Rising diversity is not specific only to these minority-white metro areas. Each of the nation’s 56 major metro areas registered a decline in its white population share since 2010 and, in 41, the decline was 5 percentage points or more. Metro area Seattle led all others, with a decline from 68% white in 2010 to 58% in 2020. Las Vegas experienced the largest 20-year change, from 60% white in 2000 to 39% in 2020.
Brookings also looked at the data on neighborhood segregation, finding limited improvement nationally. Milwaukee, interestingly, remains the most highly segregated city in the U.S.
Another very troubling finding was an absolute decline in the youth population.

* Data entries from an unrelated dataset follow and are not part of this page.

Lemma henon_act_dom_cone e z : dom e z -> cone e (henon_act e z).
Proof. by case: e; [exact: henon_inv_dom_cone | exact: henon_dom_cone]. Qed.

Definition chart (b : bool) : C * C -> C * C := if b then Defs.rot theta else id.
Definition chart_inv (b : bool) : C * C -> C * C := if b then rot_inv theta else id.

Lemma chartK b : cancel (chart_inv b) (chart b).
Proof. by case: b => //; exact: rotationK. Qed.

Local Notation act := (letter_act (henon P delta) (henon_inv P delta)
                                  (h2 P delta theta) (h2_inv P delta theta)).

Lemma letter_act_chart l z : act l z = chart_inv l.1 (henon_act l.2 (chart l.1 z)).
Proof. by case: l => [[] []]. Qed.

(* The set of the letter (b, e) is [cone e], read in the coordinates in which
   the generator is a bare Hénon map (rotated by theta when b = true). *)
Definition pp_set (l : letter) (z : C * C) : Prop := cone l.2 (chart l.1 z).

Lemma pp_set_dom_other e b b' e' z :
  b' != b -> pp_set (b', e') z -> dom e (chart b z).
Proof.
rewrite /pp_set; case: b b' => [] [] //= _ cone_z.
  exact: rot_cone_dom cone_z.
rewrite -[z](rotation_invK theta) /rot_inv.
by apply: rot_cone_dom cone_z; rewrite ?cosN ?sinN ?normrN.
Qed.

Lemma pp_set_maps l l' z : can_follow l l' -> pp_set l' z -> pp_set l (act l z).
Proof.
case: l l' => [b e] [b' e'] follow_l' pp_z.
rewrite /pp_set letter_act_chart /= chartK; apply: henon_act_dom_cone.
have [eq_b|neq_b] := eqVneq b' b; last exact: pp_set_dom_other _ neq_b pp_z.
move: follow_l' pp_z; rewrite /can_follow /pp_set /= eq_b eqxx /= negbK => /eqP <-.
exact: cone_sub_dom.
Qed.

Lemma pp_set_disjoint l l' z : pp_set l z -> pp_set l' z -> l = l'.
Proof.
case: l l' => [b e] [b' e'] pp_z pp'_z.
have [eq_b|neq_b] := eqVneq b' b; last first.
  by case: (cone_dom_disjoint pp_z (pp_set_dom_other (~~ e) neq_b pp'_z)).
have [eq_e|neq_e] := eqVneq e' e; first by rewrite eq_b eq_e.
have eq_e' : e' = ~~ e by case: e e' neq_e {pp_z pp'_z} => [] [].
move: pp'_z; rewrite /pp_set /= eq_b eq_e' => /cone_sub_dom.
by case/(cone_dom_disjoint pp_z).
Qed.

Lemma pp_set_nonempty l : exists z, pp_set l z.
Proof.
have v_major : m * `|2 * M / m| = 2 * M.
  rewrite ger0_norm; last by rewrite divr_ge0 ?ltW ?mulr_gt0.
  by rewrite mulrC divfK // gt_eqF.
case: l => b e; exists (chart_inv b
  (if e then ((2 * M / m)%:C, 0%:C) else (0%:C, (2 * M / m)%:C))).
rewrite /pp_set chartK; have := M_gt0.
by case: e; rewrite /cone !normc_real normr0 v_major; split; lra.
Qed.

Lemma henon_h2_freely_generate :
  freely_generate (henon P delta) (henon_inv P delta)
                  (h2 P delta theta) (h2_inv P delta theta).
Proof.
apply: (pingpong_freely_generate pp_set_maps pp_set_disjoint pp_set_nonempty).
- exact: henonK.
- exact: henon_invK.
- exact: (can_comp (can_comp (rotationK theta) henonK) (rotation_invK theta)).
- exact: (can_comp (can_comp (rotationK theta) henon_invK) (rotation_invK theta)).
Qed.

End HenonPingPong.

Theorem mainTheorem2 (R : realType) (P : {poly R[i]}) (delta : R[i]) (theta : R) :
  (2 < size P)%N -> delta != 0 ->
  0 < theta < 2 * pi ->
  theta != pi / 2 -> theta != pi -> theta != 3 * pi / 2 ->
  freely_generate (henon P delta) (henon_inv P delta)
                  (h2 P delta theta) (h2_inv P delta theta).
Proof.
move=> size_P delta_neq0 theta_range neq_pihalf neq_pi neq_3pihalf.
pose m := Num.min `|cos theta| `|sin theta|.
have m_gt0 : 0 < m by rewrite lt_min !normr_gt0 cos_neq0 // sin_neq0.
have [M [M_gt0 P_large]] :=
  poly_normc_superlinear size_P ((9 + 9 * Normc.normc delta) / m).
apply: (@henon_h2_freely_generate R P delta theta m M) => //.
- by rewrite ge_min lexx.
- by rewrite ge_min lexx orbT.
- by move=> y /P_large; rewrite -ler_pdivrMl // mulrA [m^-1 * _]mulrC.
Qed.
(* Fix an integer $M\ge 1$, $\lambda>0$, $\epsilon>0$, $L_{\max}>0$, a decoding error probability $\delta\in(0,0.5)$ and a channel gain $|h_{ab}|^2>0$. Let $X$ be a random variable that is the sum of $M$ independent exponential random variables each with mean $1/\lambda$ (i.e. $X$ has density $\frac{\lambda^M x^{M-1}e^{-\lambda x}}{(M-1)!}$, $x\ge 0$), and for $P_a>0$ define $$g(P_a)=\mathbb{E}\left[\ln(XP_a+1)-\frac{XP_a}{XP_a+1}\right].$$ For $L_M>0$ and $P_a>0$ let $$R(L_M,P_a)=\log_2\left(1+P_a|h_{ab}|^2\right)-\sqrt{\frac{1}{L_M}\left(1-\frac{1}{(1+P_a|h_{ab}|^2)^2}\right)}\,\frac{Q^{-1}(\delta)}{\ln 2}.$$ Consider the problem of maximizing $L_M\,R(L_M,P_a)(1-\delta)$ over $L_M$ and $P_a$ subject to $L_M\, g(P_a)\le 2\epsilon^2$ and $L_M\le L_{\max}$. Then, for a given $P_a$, the optimal number of channel uses is $$L_M^*=\min\left(L_{\max},\frac{2\epsilon^2}{g(P_a)}\right),$$ and the optimal transmit power $P_a$ is a solution of the one-dimensional problem of maximizing $L_M^*\,R(L_M^*,P_a)(1-\delta)$ over $P_a>0$.
   Context: $Q^{-1}$ denotes the inverse of the Gaussian Q-function $Q(x)=\frac{1}{\sqrt{2\pi}}\int_x^\infty e^{-t^2/2}dt$. The quantity $L_M\left(\ln(XP_a+1)-\frac{XP_a}{XP_a+1}\right)$ is the Kullback–Leibler divergence between the distributions of $L_M$ i.i.d. observations $\mathcal{CN}(\mathbf{0},\mathbf{I}_M)$ and $\mathcal{CN}(\mathbf{0},P_a\mathbf{h}\mathbf{h}^H+\mathbf{I}_M)$ with $\|\mathbf{h}\|^2=X$, so the constraint $L_M g(P_a)\le 2\epsilon^2$ is the expected-KL covertness constraint; $L_M$ is treated as a continuous variable.
   Formalization: Optimality of $L_M^*$ for a given $P_a$ holds only when $L_M^*R(L_M^*,P_a)(1-\delta)\ge 0$, and the equivalence with the one-dimensional problem is stated only for joint maximizers of positive objective value and one-dimensional solutions of nonnegative value. Apart from conventions, each condition added here is assumed in the paper as well or is needed for the statement above to hold. *)

From HB Require Import structures.
From mathcomp Require Import all_boot all_order all_algebra.
From mathcomp Require Import all_classical all_reals all_analysis.
Set Implicit Arguments. Unset Strict Implicit. Unset Printing Implicit Defensive.
Import Order.TTheory GRing.Theory Num.Theory Num.Def.
Local Open Scope classical_set_scope.
Local Open Scope ring_scope.

Section covert.
Context {R : realType}.

Definition erlang_pdf (M : nat) (lam x : R) : R :=
  lam ^+ M * x ^+ (M - 1) * expR (- (lam * x)) / ((M - 1)`!)%:R.

Definition gfun (M : nat) (lam P : R) : R :=
  Rintegral lebesgue_measure `[0, +oo[%classic
    (fun x => erlang_pdf M lam x * (ln (x * P + 1) - x * P / (x * P + 1))).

The 2020 census data allows for an assessment of the size and recent changes in the nation’s under-age-18 population (referred to here as the “youth” population).
An especially noteworthy finding is the overall decline in this population by over 1 million during the 2010- 2020 decade. In a country that is rapidly aging, such an absolute decline in the youth population represents a demographic challenge for the future.
As White American fertility has declined, the percentage of the youth cohort that is White has also declined.
The 2020 census shows that more than half of the youth population in 37 major metro areas are people of color, up from 24 in 2010 and 16 in 2000. The rise of youths of color is a key element of the changing demographics of America’s under-age-18 population. These groups have not only stemmed a sharp decline in the youth population but, as they age, will be driving most of the growth in the nation’s labor force.
There’s lots more data and many charts at the link, but the overall picture is clear: America is becoming more urban; it is also aging and rapidly diversifying. Many older White Americans perceive these demographic shifts as an assault–not just on their status as the “real Americans,” but on their very concept of what America is.
They’re terrified and they’re angry. And they’ll vote for candidates who promise to prevent the inevitable.